> [Records for this task]
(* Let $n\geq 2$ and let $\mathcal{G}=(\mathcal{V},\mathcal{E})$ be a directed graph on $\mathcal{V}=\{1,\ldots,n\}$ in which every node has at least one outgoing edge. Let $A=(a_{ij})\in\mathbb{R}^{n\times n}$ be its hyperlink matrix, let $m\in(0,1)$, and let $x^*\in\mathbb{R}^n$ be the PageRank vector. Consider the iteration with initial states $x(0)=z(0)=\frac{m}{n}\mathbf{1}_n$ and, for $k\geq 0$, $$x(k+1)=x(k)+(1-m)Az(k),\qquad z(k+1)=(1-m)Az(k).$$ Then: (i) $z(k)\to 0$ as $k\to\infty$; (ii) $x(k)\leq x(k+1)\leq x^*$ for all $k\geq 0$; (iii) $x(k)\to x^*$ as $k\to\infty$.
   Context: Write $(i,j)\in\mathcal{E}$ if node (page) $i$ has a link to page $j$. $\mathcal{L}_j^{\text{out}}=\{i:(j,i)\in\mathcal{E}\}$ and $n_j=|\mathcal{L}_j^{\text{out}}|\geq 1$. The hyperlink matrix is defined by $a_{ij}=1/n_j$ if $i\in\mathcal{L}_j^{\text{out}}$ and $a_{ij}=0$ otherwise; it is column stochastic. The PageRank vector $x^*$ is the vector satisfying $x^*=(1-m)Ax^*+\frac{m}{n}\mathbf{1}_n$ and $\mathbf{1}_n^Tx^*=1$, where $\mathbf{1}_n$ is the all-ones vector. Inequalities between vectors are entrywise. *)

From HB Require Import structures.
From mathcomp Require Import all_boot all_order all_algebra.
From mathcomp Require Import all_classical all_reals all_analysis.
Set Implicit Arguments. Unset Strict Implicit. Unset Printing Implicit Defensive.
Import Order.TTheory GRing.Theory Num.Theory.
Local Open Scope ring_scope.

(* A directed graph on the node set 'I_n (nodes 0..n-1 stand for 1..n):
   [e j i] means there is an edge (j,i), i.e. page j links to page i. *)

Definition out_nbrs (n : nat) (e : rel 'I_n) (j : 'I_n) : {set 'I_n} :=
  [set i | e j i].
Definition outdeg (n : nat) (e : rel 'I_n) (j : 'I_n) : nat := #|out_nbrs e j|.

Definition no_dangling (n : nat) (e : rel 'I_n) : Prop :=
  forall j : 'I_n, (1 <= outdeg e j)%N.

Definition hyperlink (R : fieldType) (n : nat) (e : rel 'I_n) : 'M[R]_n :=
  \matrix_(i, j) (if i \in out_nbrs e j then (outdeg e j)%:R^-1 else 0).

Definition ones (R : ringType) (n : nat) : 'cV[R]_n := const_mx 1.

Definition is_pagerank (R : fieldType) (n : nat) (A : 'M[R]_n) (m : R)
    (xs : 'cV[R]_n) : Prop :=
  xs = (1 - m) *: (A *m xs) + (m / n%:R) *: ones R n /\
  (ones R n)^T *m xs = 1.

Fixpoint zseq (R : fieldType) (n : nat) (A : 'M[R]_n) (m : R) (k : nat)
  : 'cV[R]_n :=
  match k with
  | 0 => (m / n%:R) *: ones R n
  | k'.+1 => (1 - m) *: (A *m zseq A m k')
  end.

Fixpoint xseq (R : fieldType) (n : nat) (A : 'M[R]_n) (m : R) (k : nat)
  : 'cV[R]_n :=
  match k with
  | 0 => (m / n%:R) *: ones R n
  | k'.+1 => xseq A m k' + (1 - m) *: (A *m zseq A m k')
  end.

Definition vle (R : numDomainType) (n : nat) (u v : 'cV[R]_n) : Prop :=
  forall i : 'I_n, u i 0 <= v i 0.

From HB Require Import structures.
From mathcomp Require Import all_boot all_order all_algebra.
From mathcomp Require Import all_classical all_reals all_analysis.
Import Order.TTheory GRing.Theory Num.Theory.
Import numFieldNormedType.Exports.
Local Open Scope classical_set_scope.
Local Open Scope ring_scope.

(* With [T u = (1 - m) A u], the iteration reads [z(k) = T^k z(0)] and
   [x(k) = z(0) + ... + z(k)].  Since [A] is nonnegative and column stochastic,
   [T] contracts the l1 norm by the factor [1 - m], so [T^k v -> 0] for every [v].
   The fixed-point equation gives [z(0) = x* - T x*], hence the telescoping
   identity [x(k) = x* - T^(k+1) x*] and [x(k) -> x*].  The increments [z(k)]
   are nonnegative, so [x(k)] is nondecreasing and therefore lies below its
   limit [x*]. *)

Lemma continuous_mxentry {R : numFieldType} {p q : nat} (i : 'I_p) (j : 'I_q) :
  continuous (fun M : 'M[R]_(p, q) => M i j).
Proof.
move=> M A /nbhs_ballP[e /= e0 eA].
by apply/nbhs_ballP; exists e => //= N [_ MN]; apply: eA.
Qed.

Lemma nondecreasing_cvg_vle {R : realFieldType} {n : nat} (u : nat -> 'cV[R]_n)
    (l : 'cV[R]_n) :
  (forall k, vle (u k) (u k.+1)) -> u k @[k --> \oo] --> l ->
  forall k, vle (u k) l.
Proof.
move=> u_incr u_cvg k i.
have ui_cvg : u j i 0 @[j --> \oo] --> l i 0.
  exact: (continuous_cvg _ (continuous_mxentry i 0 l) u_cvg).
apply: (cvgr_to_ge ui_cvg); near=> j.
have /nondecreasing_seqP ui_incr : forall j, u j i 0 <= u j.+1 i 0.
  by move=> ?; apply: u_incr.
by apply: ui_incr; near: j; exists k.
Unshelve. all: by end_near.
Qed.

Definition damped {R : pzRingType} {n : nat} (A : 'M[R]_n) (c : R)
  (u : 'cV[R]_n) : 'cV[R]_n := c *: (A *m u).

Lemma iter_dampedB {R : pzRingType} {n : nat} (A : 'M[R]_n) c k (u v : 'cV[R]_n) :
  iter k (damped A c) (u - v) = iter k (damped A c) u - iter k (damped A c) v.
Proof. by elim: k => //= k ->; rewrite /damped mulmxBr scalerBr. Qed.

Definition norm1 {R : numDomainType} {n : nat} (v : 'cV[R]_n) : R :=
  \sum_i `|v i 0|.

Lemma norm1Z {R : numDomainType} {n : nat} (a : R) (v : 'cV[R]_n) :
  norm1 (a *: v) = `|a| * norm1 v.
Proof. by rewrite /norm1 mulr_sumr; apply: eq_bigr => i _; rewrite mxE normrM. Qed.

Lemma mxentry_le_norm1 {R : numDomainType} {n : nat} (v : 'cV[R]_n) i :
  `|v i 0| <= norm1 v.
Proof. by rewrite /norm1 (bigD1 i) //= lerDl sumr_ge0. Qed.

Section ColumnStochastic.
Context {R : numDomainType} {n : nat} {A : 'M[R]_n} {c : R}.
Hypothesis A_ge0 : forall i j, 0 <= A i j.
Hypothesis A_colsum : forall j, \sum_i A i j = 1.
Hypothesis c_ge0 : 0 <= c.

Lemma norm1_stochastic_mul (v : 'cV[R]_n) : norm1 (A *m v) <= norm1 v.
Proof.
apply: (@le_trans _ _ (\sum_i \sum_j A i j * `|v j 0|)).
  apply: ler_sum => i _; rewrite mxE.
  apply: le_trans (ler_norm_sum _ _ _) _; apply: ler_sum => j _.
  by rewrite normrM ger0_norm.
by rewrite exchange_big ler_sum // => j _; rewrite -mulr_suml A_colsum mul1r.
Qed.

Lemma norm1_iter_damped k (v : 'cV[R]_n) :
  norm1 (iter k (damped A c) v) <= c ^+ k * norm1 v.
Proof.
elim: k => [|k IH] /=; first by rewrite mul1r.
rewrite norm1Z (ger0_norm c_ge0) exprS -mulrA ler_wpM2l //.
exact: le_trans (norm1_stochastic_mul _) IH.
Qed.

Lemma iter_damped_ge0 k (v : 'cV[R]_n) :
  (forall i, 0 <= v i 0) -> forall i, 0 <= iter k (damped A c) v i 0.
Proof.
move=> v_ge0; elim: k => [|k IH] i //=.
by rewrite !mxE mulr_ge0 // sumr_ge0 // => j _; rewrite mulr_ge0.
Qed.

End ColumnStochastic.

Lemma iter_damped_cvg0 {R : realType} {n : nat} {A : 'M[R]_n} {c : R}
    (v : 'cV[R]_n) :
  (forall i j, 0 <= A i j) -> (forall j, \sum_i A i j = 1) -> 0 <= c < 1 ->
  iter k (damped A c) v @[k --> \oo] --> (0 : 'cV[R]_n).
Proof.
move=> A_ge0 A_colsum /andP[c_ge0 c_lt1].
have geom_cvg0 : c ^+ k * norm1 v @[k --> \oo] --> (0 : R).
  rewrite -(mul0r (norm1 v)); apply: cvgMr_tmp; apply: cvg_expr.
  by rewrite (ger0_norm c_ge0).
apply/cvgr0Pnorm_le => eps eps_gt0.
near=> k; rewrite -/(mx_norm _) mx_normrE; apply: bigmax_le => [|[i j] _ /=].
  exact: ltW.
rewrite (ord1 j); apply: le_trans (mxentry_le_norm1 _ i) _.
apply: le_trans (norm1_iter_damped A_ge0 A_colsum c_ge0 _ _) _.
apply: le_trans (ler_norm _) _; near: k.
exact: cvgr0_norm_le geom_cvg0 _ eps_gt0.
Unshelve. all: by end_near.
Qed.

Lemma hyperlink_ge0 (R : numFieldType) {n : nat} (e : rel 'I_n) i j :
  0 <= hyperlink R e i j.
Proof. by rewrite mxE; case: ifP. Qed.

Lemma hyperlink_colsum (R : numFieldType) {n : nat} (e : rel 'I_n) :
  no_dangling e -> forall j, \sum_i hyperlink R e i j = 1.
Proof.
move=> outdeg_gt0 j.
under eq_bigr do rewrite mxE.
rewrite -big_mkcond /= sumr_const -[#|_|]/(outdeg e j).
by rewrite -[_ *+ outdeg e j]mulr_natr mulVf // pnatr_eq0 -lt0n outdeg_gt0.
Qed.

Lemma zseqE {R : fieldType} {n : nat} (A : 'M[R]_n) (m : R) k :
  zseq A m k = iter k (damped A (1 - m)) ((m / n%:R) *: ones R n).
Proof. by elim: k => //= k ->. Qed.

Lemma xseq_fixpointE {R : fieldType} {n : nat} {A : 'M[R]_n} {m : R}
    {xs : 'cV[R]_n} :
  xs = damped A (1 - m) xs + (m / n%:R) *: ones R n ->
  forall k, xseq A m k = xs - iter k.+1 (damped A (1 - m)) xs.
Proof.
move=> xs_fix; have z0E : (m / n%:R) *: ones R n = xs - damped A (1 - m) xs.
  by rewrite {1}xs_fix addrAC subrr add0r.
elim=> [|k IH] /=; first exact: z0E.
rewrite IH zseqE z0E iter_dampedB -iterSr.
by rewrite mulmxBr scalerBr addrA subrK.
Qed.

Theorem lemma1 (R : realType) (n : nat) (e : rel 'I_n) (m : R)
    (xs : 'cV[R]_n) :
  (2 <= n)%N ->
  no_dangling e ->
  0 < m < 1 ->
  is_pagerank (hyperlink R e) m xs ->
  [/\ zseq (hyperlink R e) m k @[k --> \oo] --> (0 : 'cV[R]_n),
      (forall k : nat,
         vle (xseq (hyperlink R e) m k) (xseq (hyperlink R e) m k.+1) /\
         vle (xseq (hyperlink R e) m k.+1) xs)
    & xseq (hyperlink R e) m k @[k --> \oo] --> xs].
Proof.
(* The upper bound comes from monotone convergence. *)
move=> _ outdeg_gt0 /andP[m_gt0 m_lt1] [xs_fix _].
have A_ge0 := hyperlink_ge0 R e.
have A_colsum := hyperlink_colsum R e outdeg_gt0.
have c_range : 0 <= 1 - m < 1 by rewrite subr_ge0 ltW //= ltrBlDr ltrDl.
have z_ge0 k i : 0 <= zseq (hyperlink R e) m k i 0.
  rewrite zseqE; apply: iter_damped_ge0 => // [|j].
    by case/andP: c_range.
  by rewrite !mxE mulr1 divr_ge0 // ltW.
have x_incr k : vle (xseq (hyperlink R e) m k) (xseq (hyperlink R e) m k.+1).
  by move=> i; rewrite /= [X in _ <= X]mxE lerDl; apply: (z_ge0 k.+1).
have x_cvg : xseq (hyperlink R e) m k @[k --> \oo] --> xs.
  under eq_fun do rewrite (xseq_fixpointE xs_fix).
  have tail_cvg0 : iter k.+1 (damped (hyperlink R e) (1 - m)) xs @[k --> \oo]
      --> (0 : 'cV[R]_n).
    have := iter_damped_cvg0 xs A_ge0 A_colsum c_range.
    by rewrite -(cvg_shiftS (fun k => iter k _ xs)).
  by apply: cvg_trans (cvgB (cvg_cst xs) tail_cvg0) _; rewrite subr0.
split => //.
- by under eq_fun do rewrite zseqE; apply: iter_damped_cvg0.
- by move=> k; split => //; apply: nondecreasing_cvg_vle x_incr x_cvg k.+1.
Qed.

> [What is required] Your answer should consist of the lines above that hold the word "under".

> [Exercise output]
under eq_bigr do rewrite mxE.
  under eq_fun do rewrite (xseq_fixpointE xs_fix).
- by under eq_fun do rewrite zseqE; apply: iter_damped_cvg0.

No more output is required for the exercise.